The Sig Sauer line of pistols such as the SIG P226 frequently feature decocking levers. The earliest use of a single-action decocker was the Vis Wz 35 redesign in 1932 to enable horsemen to safely holster their weapon with one hand.[1] The earliest use of a cocking/decocking lever is the Sauer 38H from 1938. Ruger until 2007 manufactured "decock-only" variants of its P-series pistols, and the "two-way" decocking safety has been available on these pistols since their introduction.


----------



## Todd (Jul 3, 2006)

Welcome to the forum!

If you haven't already done so, please take a few minutes to familiarize yourself with the forum guidelines.

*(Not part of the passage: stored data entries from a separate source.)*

Definition minimal_basis (n : nat) (g r : 'I_n -> L) (b1 b2 : pair) : Prop :=
  (* generating set of M(r) (in particular b1, b2 lie in M(r)) *)
  (forall f, inM g r f <->
     exists beta gamma, islin beta /\ islin gamma /\
       f = padd (lact beta b1) (lact gamma b2)) /\
  (forall beta gamma, islin beta -> islin gamma ->
     padd (lact beta b1) (lact gamma b2) = (0, 0) -> beta = 0 /\ gamma = 0) /\
  b1 <> b2 /\ ~ reduces1 b1 b2 /\ ~ reduces1 b2 b1.

(* m is added to the list in iteration j of step (4) of Algorithm 1 *)
Definition alg_step (b1 b2 : pair) (l1 l2 j : nat) (m : {poly L}) : Prop :=
  islin m /\
  exists beta gamma, islin beta /\ qdeg_le beta (l2%:Z - l1%:Z + j%:Z) /\
    islin gamma /\ qmonic gamma /\ qdeg gamma = Some j /\
    let f := padd (lact beta b1) (lact gamma b2) in
    f.1 = - (f.2 \Po m).

End Order.

(* rank distance: F-rank of the (\dim L) x n expansion matrix in a fixed basis *)
Definition rank_dist (n : nat) (a b : 'I_n -> L) : nat :=
  \rank (\matrix_(i < \dim {: L}, j < n) coord (vbasis fullv) i (a j - b j)).

Definition codeword (n : nat) (g : 'I_n -> L) (m : {poly L}) : 'I_n -> L :=
  fun i => m.[g i].

Definition closest_msg (n k : nat) (g r : 'I_n -> L) (m : {poly L}) : Prop :=
  islin m /\ qdeg_lt m k /\
  forall m', islin m' -> qdeg_lt m' k ->
    (rank_dist (codeword g m) r <= rank_dist (codeword g m') r)%N.

End Gabidulin.

(* A pair [f1 f2] lies in the interpolation module M(r) exactly when
   f1 + f2 o Lambda is a right multiple of the annihilator Pi_g.  Evaluating at
   the g_i shows that [-(h o m)  h] lies in M(r) iff h vanishes on the F_q-span
   E(m) of the error vector (m(g_i) - r_i)_i, whose dimension is the rank
   distance from the codeword of m to r; the annihilator of E(m) is such an h,
   of q-degree dim E(m).  The minimal basis {b1, b2} has the predictable leading
   position property: if beta o b1 + gamma o b2 has second component of
   q-degree t and first component of q-degree at most t + k - 1, then
   qdeg gamma = t - qdeg b2.2.  Hence iteration j of step (4) finds exactly the
   messages with dim E(m) <= j + qdeg b2.2, and the first nonempty iteration
   returns the messages of the closest codewords. *)

From HB Require Import structures.
From mathcomp Require Import all_boot all_order all_algebra all_field all_fingroup all_solvable.
From mathcomp Require Import ring zify.
From Stdlib Require Import Classical_Prop.
Set Implicit Arguments. Unset Strict Implicit. Unset Printing Implicit Defensive.
Import Order.TTheory GRing.Theory Num.Theory.
Local Open Scope ring_scope.

Lemma classic_ex_minn (P : nat -> Prop) :
  (exists n, P n) -> exists2 n, P n & forall m, P m -> (n <= m)%N.
Proof.
move=> [n Pn]; elim: n {-2}n (leqnn n) Pn => [|N IH] n le_nN Pn.
  by exists n => // m _; move: le_nN; rewrite leqn0 => /eqP ->.
have [[m Pm lt_mn]|no_less] := classic (exists2 m, P m & (m < n)%N).
  by apply: (IH m) => //; lia.
exists n => // m Pm; rewrite leqNgt; apply/negP => lt_mn.
by apply: no_less; exists m.
Qed.

Section Gabidulin.
Variables (F : finFieldType) (L : fieldExtType F).
Local Notation q := (qq F).
Local Notation qpow := (qpow F).

Lemma q_gt1 : (1 < q)%N. Proof. exact: finNzRing_gt1. Qed.

Lemma qpow_gt0 i : (0 < qpow i)%N.
Proof. by rewrite /qpow expn_gt0 ltnW // q_gt1. Qed.

Lemma qpowD a b : qpow (a + b) = (qpow a * qpow b)%N.
Proof. by rewrite /qpow expnD. Qed.

Lemma ltn_qpow a b : (qpow a < qpow b)%N = (a < b)%N.
Proof. by rewrite /qpow ltn_exp2l // q_gt1. Qed.

Lemma leq_qpow a b : (qpow a <= qpow b)%N = (a <= b)%N.
Proof. by rewrite /qpow leq_exp2l // q_gt1. Qed.

Lemma qpow_inj : injective qpow.
Proof. by move=> a b /eqP; rewrite eqn_leq !leq_qpow -eqn_leq => /eqP. Qed.

Lemma ltn_qpow_self i : (i < qpow i)%N.
Proof. by rewrite /qpow ltn_expl // q_gt1. Qed.

Lemma pnat_pchar_q : [pchar F].-nat q.
Proof.
have [p _ pcharFp] := finPcharP F.
have := abelem_pgroup (fin_ring_pchar_abelem pcharFp).
rewrite pgroupE cardsT => /sub_in_pnat; apply=> x _.
by rewrite inE => /eqP ->.
Qed.

Lemma exprD_qpow (R : comNzRingType) :
  {subset [pchar F] <= [pchar R]} ->
  forall (x y : R) i, (x + y) ^+ qpow i = x ^+ qpow i + y ^+ qpow i.
Proof.
move=> pcharFR x y i; apply: exprDn_pchar.
have : [pchar F].-nat (qpow i) by rewrite /qpow pnatX pnat_pchar_q.
by apply: sub_in_pnat => p _ /pcharFR.
Qed.
(* Under Conditions 1 and 2, there exist constants $C>0$ and $n_0\ge1$ such that for every $k\in\mathbb Z_+$, every $\mathbf y=(y_1,\dots,y_k)\in\mathbb R_+^k$ and every $n\ge n_0$, $$\sup_{t\ge0}R^{(n)}_\beta(t,k,\mathbf y)\le C\sum_{j=1}^k(1+y_j).$$
   Context: Notation: $\mathbb Z_+=\{1,2,\dots\}$, $\mathbb R_+=[0,\infty)$. For each $n\ge1$: $\lambda^{(n)}>0$; a probability $\Lambda^{(n)}$ on $\mathbb R_+$ with tail $\bar\Lambda^{(n)}(t)=\Lambda^{(n)}((t,\infty))$, $\eta^{(n)}=\int_0^\infty y\Lambda^{(n)}(dy)$, $\sigma^{(n)}=\frac12\int_0^\infty y^2\Lambda^{(n)}(dy)$ finite; probability laws $(p_k^{(n)})_{k\ge1}$, $(q_k^{(n)})_{k\ge1}$ on $\mathbb Z_+$ with generating functions $g^{(n)},h^{(n)}$, $m^{(n)}=\sum_kkp_k^{(n)}<\infty$; $\gamma_n>0$ with $\gamma_n\to\infty$, $\gamma_n/n\to\gamma_*\in[0,\infty)$. $\phi^{(n)}(z)=n\gamma_n[g^{(n)}(1-z/n)-(1-z/n)]$, $\psi^{(n)}(z)=\gamma_n[1-h^{(n)}(1-z/n)]$ for $z\in[0,n]$. Condition 1: (i) $\lambda^{(n)}\to\lambda>0$, $\eta^{(n)}\to\eta>0$, $\sigma^{(n)}\to\sigma>0$, $\gamma_n(1-\lambda^{(n)}\eta^{(n)})\to b\in\mathbb R$; (ii) $\psi^{(n)}\to\psi$ uniformly on compacts of $[0,\infty)$; (iii) $\{\phi^{(n)}\}$ is uniformly Lipschitz on bounded intervals and converges uniformly on compacts to a continuous $\phi$. Under Condition 1, $\lambda\eta=1$ and $m:=\lim_n\gamma_n(1-m^{(n)})$ exists (so $\gamma_n(1-\lambda^{(n)}\eta^{(n)}m^{(n)})\to b+m$). Condition 2 (for some $\alpha\in(1,2)$): (1) there are $C,k_0>0$ with $n\gamma_n\sum_{k\ge k_0}(k/n)^\alpha p^{(n)}_k+\sum_kk^\alpha q^{(n)}_k\le C$ for all $n$, and $\lim_{k_1\to\infty}\limsup_n\gamma_n\sum_{k\ge k_1}kp^{(n)}_k=0$; (2) there are $C_0>0$ and a probability $\Lambda^*$ on $\mathbb R_+$ with $\int t^{2\alpha}\Lambda^*(dt)<\infty$ and $\bar\Lambda^{(n)}\le C_0\bar\Lambda^*$ for all $n$. Fix $\beta\in[0,\infty)$ with $\beta>-(b+m)/(\sigma\lambda)$. Let $R^{(n)}$ be the unique locally integrable solution of $R^{(n)}(t)=\lambda^{(n)}m^{(n)}\bar\Lambda^{(n)}(t)+\lambda^{(n)}m^{(n)}\int_0^tR^{(n)}(t-s)\bar\Lambda^{(n)}(s)ds$, $t\ge0$, and $R^{(n)}_\beta(t)=e^{-\beta t/\gamma_n}R^{(n)}(t)$. For $k\in\mathbb Z_+$, $\mathbf y=(y_1,\dots,y_k)\in\mathbb R_+^k$: $R^{(n)}(t,k,\mathbf y)=\sum_{j=1}^k\big[\lambda^{(n)}\mathbf 1_{\{y_j>t\}}+\lambda^{(n)}\int_0^tR^{(n)}(t-s)\mathbf 1_{\{y_j>s\}}ds\big]$ and $R^{(n)}_\beta(t,k,\mathbf y)=e^{-\beta t/\gamma_n}R^{(n)}(t,k,\mathbf y)$. *)

From Stdlib Require Import Reals Lra ClassicalEpsilon.
Open Scope R_scope.

(* Riemann integral value: Rint f a b v <-> f is Riemann integrable on [a,b]
   with integral v (RiemannInt does not depend on the proof). *)
Definition Rint (f : R -> R) (a b v : R) : Prop :=
  exists pr : Riemann_integrable f a b, RiemannInt pr = v.

(* Total version (value of the Riemann integral when it exists, junk otherwise). *)
Definition RI (f : R -> R) (a b : R) : R :=
  epsilon (inhabits 0) (fun v => Rint f a b v).

Definition ImpInt (f : R -> R) (l : R) : Prop :=
  (forall T, 0 <= T -> inhabited (Riemann_integrable f 0 T)) /\
  (forall eps, 0 < eps -> exists M, forall T, M <= T -> Rabs (RI f 0 T - l) < eps).

Definition series (u : nat -> R) : R :=
  epsilon (inhabits 0) (fun l => infinite_sum u l).

Fixpoint fsum (k : nat) (f : nat -> R) : R :=
  match k with O => 0 | S k' => fsum k' f + f k' end.

(* finite sum sum_{j=a}^{b} f j (empty if b < a) *)
Definition fsum_range (a b : nat) (f : nat -> R) : R :=
  fsum (S b - a) (fun i => f (a + i)%nat).

(* Lb is the tail function t |-> Lambda((t,infinity)) of a probability
   measure Lambda on R_+ (this characterises Lambda). *)
Definition prob_tail (Lb : R -> R) : Prop :=
  (forall t, 0 <= t -> 0 <= Lb t <= 1) /\
  (forall s t, 0 <= s -> s <= t -> Lb t <= Lb s) /\
  (forall t, 0 <= t -> forall eps, 0 < eps ->
      exists d, 0 < d /\ forall s, t <= s < t + d -> Rabs (Lb s - Lb t) < eps) /\
  (forall eps, 0 < eps -> exists M, forall t, M <= t -> Lb t < eps).

(* (p k)_{k>=1} is a probability law on Z_+ *)
Definition prob_Zplus (p : nat -> R) : Prop :=
  p 0%nat = 0 /\ (forall k, 0 <= p k) /\ infinite_sum p 1.

Definition genfun (p : nat -> R) (s : R) : R := series (fun k => p k * s ^ k).

Definition phi_n (p : nat -> R) (gam : R) (n : nat) (z : R) : R :=
  INR n * gam * (genfun p (1 - z / INR n) - (1 - z / INR n)).

Definition psi_n (q : nat -> R) (gam : R) (n : nat) (z : R) : R :=
  gam * (1 - genfun q (1 - z / INR n)).

Definition ind_gt (a b : R) : R := if Rlt_dec b a then 1 else 0.

Definition Rtky (lam : R) (Rs : R -> R) (t : R) (k : nat) (y : nat -> R) : R :=
  fsum k (fun j => lam * ind_gt (y j) t
                   + lam * RI (fun s => Rs (t - s) * ind_gt (y j) s) 0 t).

Definition Rbeta_tky (beta gam lam : R) (Rs : R -> R) (t : R) (k : nat) (y : nat -> R) : R :=
  exp (- beta * t / gam) * Rtky lam Rs t k y.

From Stdlib Require Import Reals Lra Lia ClassicalEpsilon Classical.
From Coquelicot Require Import Coquelicot.
Open Scope R_scope.

(* Put K_n = lam_n m_n and r_n = beta / gam_n.  The tilted kernel
   g(u) = exp(-r_n u) R^(n)(u) solves the renewal equation g = f + g * f with
   kernel f(s) = K_n exp(-r_n s) Lb_n(s), nonincreasing with values in [0,K_n]
   (here (g * f)(t) = int_0^t g(t-s) f(s) ds).
   1. Renewal bound: if moreover int_0^T f <= 1 for all T, then g <= 362 K_n.
      The function 362 K - 180 K exp(-20 K u) is a supersolution, and a
      comparison principle for d <= d * f keeps g below it.
   2. Laplace bound: exp(-x) <= 1 - x + x^2 and a tail estimate for
      int s Lb_n(s) ds, uniform in n (from the 2 alpha-moment of the dominating
      law), give int_0^T f <= K_n (eta_n - r sig_n + r^2 S sig_n + r del).
   3. Asymptotics: gam_n (K_n eta_n - 1) -> -(b + m) < beta lam sig, so this
      bound is at most 1 for large n.
   4. Each summand of R^(n)_beta(t,k,y) is then at most lam_n (1 + 362 K_n y_j). *)

Lemma RI_RInt f a b : ex_RInt f a b -> RI f a b = RInt f a b.
Proof.
  intros H. unfold RI.
  assert (Hx : exists v, Rint f a b v).
  { exists (RInt f a b). exists (ex_RInt_Reals_0 _ _ _ H). symmetry. apply RInt_Reals. }
  destruct (epsilon_spec (inhabits 0) (fun v => Rint f a b v) Hx) as [pr Hpr].
  rewrite <- Hpr. symmetry. apply RInt_Reals.
Qed.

http://www.handgunforum.net/misc.php...rum_guidelines

The decocker question was answered, so I'll take a stab at the laser and say skip it. Since you didn't know what a decocker is, I'm going to take a shot in the dark (pun intended) and say you're a relatively new shooter. If that is the case, your money will be far better spent on ammo and professional instruction than a "gizmo" that will help you supposedly shoot better. Add the extras on once you have the basics down.


----------



## chad10 (May 10, 2009)

*thinks*

Thinks for the help what other mods can I do to the xd45


----------



## Steve M1911A1 (Feb 6, 2008)

chad10 said:


> Thinks for the help what other mods can I do to the xd45


Learn to use your "naked" gun first.
After you have become proficient with it, you will have a better idea of what accessories you really need, and those you can easily do without. (Truth: You can do without almost all of them.)
As a beginner, the first thing you absolutely need is a good holster and a really good belt. Be prepared to spend up to $100.00 on the holster, and at least $50.00 on the belt.
The second thing you need is at least two spare magazines for your pistol, and a belt-mounted magazine carrier.
The third thing you really, really need is some professional instruction, if you can afford it. However, it's horribly expensive. See if you can find someone at a formal shooting range who will give you basic safety and self-defense instruction. Failing that, read books on the subject.
Then practice, practice, practice.


----------